INPUT:

(* Let $\Lambda$ be a $k$-graph with no sinks such that $\Lambda^0$ is finite. Then for every $v\in\Lambda^0$ there exist $w\in\Lambda^0$ and $\alpha\in w\Lambda w$ such that $d(\alpha)>0$ and $w\Lambda v\ne\emptyset$.
   Context: A $k$-graph is a countable category $\Lambda$ with a functor $d:\Lambda\to\mathbb{N}^k$ with unique factorisation (for each $\lambda$ and $d(\lambda)=m+n$ there are unique $\mu,\nu$ with $d(\mu)=m$, $d(\nu)=n$, $\lambda=\mu\nu$); $\Lambda^n=d^{-1}(n)$, $\Lambda^0$ = vertices, $uXv=\{\lambda\in X:r(\lambda)=u,s(\lambda)=v\}$. No sinks: $\Lambda^nv\ne\emptyset$ for all $v\in\Lambda^0$ and nonzero $n\in\mathbb{N}^k$. For $m\in\mathbb{N}^k$, $m>0$ means $m_i>0$ for all $i$. *)

From mathcomp Require Import all_boot.
Set Implicit Arguments. Unset Strict Implicit. Unset Printing Implicit Defensive.

(* Degrees live in N^k, represented as functions 'I_k -> nat,
   compared pointwise (to avoid functional extensionality). *)

(* Composition [comp mu nu] (= mu nu, "first nu then mu") is a total function
   whose values are only constrained when s mu = r nu. *)
Record kgraph (k : nat) := KGraph {
  vert : countType;
  kpath : countType;
  rng : kpath -> vert;
  src : kpath -> vert;
  idp : vert -> kpath;
  comp : kpath -> kpath -> kpath;
  deg : kpath -> 'I_k -> nat;
  rng_id : forall v, rng (idp v) = v;
  src_id : forall v, src (idp v) = v;
  rng_comp : forall mu nu, src mu = rng nu -> rng (comp mu nu) = rng mu;
  src_comp : forall mu nu, src mu = rng nu -> src (comp mu nu) = src nu;
  comp_idl : forall mu, comp (idp (rng mu)) mu = mu;
  comp_idr : forall mu, comp mu (idp (src mu)) = mu;
  compA : forall la mu nu, src la = rng mu -> src mu = rng nu ->
    comp la (comp mu nu) = comp (comp la mu) nu;
  deg_id : forall v i, deg (idp v) i = 0;
  deg_comp : forall mu nu, src mu = rng nu ->
    forall i, deg (comp mu nu) i = deg mu i + deg nu i;
  unique_fact : forall la (m n : 'I_k -> nat),
    (forall i, deg la i = m i + n i) ->
    exists mu nu, [/\ src mu = rng nu, (forall i, deg mu i = m i),
                      (forall i, deg nu i = n i) & la = comp mu nu] /\
      forall mu' nu', src mu' = rng nu' -> (forall i, deg mu' i = m i) ->
        (forall i, deg nu' i = n i) -> la = comp mu' nu' ->
        mu' = mu /\ nu' = nu
}.

Definition no_sinks k (G : kgraph k) : Prop :=
  forall (v : vert G) (n : 'I_k -> nat), (exists i, n i <> 0) ->
    exists la : kpath G, src la = v /\ forall i, deg la i = n i.

Definition finite_vertices k (G : kgraph k) : Prop :=
  exists s : seq (vert G), forall v, v \in s.

From Pilot Require Import Defs.
From mathcomp Require Import all_boot.
Set Implicit Arguments. Unset Strict Implicit. Unset Printing Implicit Defensive.

(* Since there are no sinks, each vertex u is the source of a path f u of
   degree (1,...,1).  Composing these paths repeatedly, starting at v, visits
   the ranges v, r(f v), ...; finiteness forces a repetition w, and the part
   of the walk between the two visits of w is a cycle at w of degree
   positive in every coordinate, while the part before reaches w from v. *)

Lemma iter_collision (T : eqType) (s : seq T) (g : T -> T) (a : T) :
  (forall x, x \in s) -> exists j l, j < l /\ iter j g a = iter l g a.
Proof.
move=> sP; pose t := [seq iter j g a | j <- iota 0 (size s).+1].
have /(uniqPn a) [j [l [jl lt e]]] : ~~ uniq t.
  apply/negP => /uniq_leq_size /(_ (fun x _ => sP x)).
  by rewrite size_map size_iota ltnn.
rewrite size_map size_iota in lt; have jt := ltn_trans jl lt.
rewrite !(nth_map 0) ?size_iota // !nth_iota // !add0n in e.
by exists j, l.
Qed.

Lemma exists_unit_steps k (G : kgraph k) : 0 < k -> no_sinks G ->
  exists f : vert G -> kpath G,
    (forall u, src (f u) = u) /\ forall u i, deg (f u) i = 1.
Proof.
case: k G => // k G _ ns.
have step u : exists la : kpath G, (src la == u) && [forall i, deg la i == 1].
  have [|la [<- dla]] := ns u (fun=> 1); first by exists ord0.
  by exists la; rewrite eqxx; apply/forallP => i; rewrite dla.
exists (fun u => xchoose (step u)).
by split=> [u | u i]; case/andP: (xchooseP (step u)) => /eqP // _ /forallP/(_ i)/eqP.
Qed.

Section UnitWalk.
Variables (k : nat) (G : kgraph k) (f : vert G -> kpath G).
Hypothesis src_f : forall u, src (f u) = u.
Hypothesis deg_f : forall u i, deg (f u) i = 1.

Definition next_vert (u : vert G) : vert G := rng (f u).

Fixpoint walk (a : vert G) (m : nat) : kpath G :=
  if m is m'.+1 then Defs.comp (f (rng (walk a m'))) (walk a m') else idp a.

Lemma src_walk a m : src (walk a m) = a.
Proof. by elim: m => [|m IHm] /=; rewrite ?src_id // src_comp. Qed.

Lemma rng_walk a m : rng (walk a m) = iter m next_vert a.
Proof. by elim: m => [|m IHm] /=; rewrite ?rng_id // rng_comp // IHm. Qed.

Lemma deg_walk a m i : deg (walk a m) i = m.
Proof. by elim: m => [|m IHm] /=; rewrite ?deg_id // deg_comp // deg_f IHm. Qed.

End UnitWalk.

Theorem lemma2p9 (k : nat) (G : kgraph k) :
  no_sinks G -> finite_vertices G ->
  forall v : vert G,
    exists (w : vert G) (alpha : kpath G),
      [/\ rng alpha = w, src alpha = w, (forall i, 0 < deg alpha i) &
          exists la : kpath G, rng la = w /\ src la = v].
Proof.
move=> ns [s sP] v; case: (posnP k) G s ns sP v => [-> | k_gt0] G s ns sP v.
  exists v, (@idp _ G v); split; rewrite ?rng_id ?src_id //; first by case.
  by exists (@idp _ G v); rewrite rng_id src_id.
have [f [src_f deg_f]] := exists_unit_steps k_gt0 ns.
have [j [l [jl e]]] := iter_collision (next_vert f) v sP.
exists (iter j (next_vert f) v), (walk f (iter j (next_vert f) v) (l - j)).
split.
- by rewrite rng_walk // -iterD subnK ?(ltnW jl).
- exact: src_walk.
- by move=> i; rewrite deg_walk // subn_gt0.
- by exists (walk f v j); rewrite rng_walk // src_walk.
Qed.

TASK TO COMPLETE:
Within the material above, the line with "Lemma exists_unit_steps k" opens the range and the line with "forall v : vert" closes it; reproduce that range word for word.

ANSWER BOX:
Lemma exists_unit_steps k (G : kgraph k) : 0 < k -> no_sinks G ->
  exists f : vert G -> kpath G,
    (forall u, src (f u) = u) /\ forall u i, deg (f u) i = 1.
Proof.
case: k G => // k G _ ns.
have step u : exists la : kpath G, (src la == u) && [forall i, deg la i == 1].
  have [|la [<- dla]] := ns u (fun=> 1); first by exists ord0.
  by exists la; rewrite eqxx; apply/forallP => i; rewrite dla.
exists (fun u => xchoose (step u)).
by split=> [u | u i]; case/andP: (xchooseP (step u)) => /eqP // _ /forallP/(_ i)/eqP.
Qed.

Section UnitWalk.
Variables (k : nat) (G : kgraph k) (f : vert G -> kpath G).
Hypothesis src_f : forall u, src (f u) = u.
Hypothesis deg_f : forall u i, deg (f u) i = 1.

Definition next_vert (u : vert G) : vert G := rng (f u).

Fixpoint walk (a : vert G) (m : nat) : kpath G :=
  if m is m'.+1 then Defs.comp (f (rng (walk a m'))) (walk a m') else idp a.

Lemma src_walk a m : src (walk a m) = a.
Proof. by elim: m => [|m IHm] /=; rewrite ?src_id // src_comp. Qed.

Lemma rng_walk a m : rng (walk a m) = iter m next_vert a.
Proof. by elim: m => [|m IHm] /=; rewrite ?rng_id // rng_comp // IHm. Qed.

Lemma deg_walk a m i : deg (walk a m) i = m.
Proof. by elim: m => [|m IHm] /=; rewrite ?deg_id // deg_comp // deg_f IHm. Qed.

End UnitWalk.

Theorem lemma2p9 (k : nat) (G : kgraph k) :
  no_sinks G -> finite_vertices G ->
  forall v : vert G,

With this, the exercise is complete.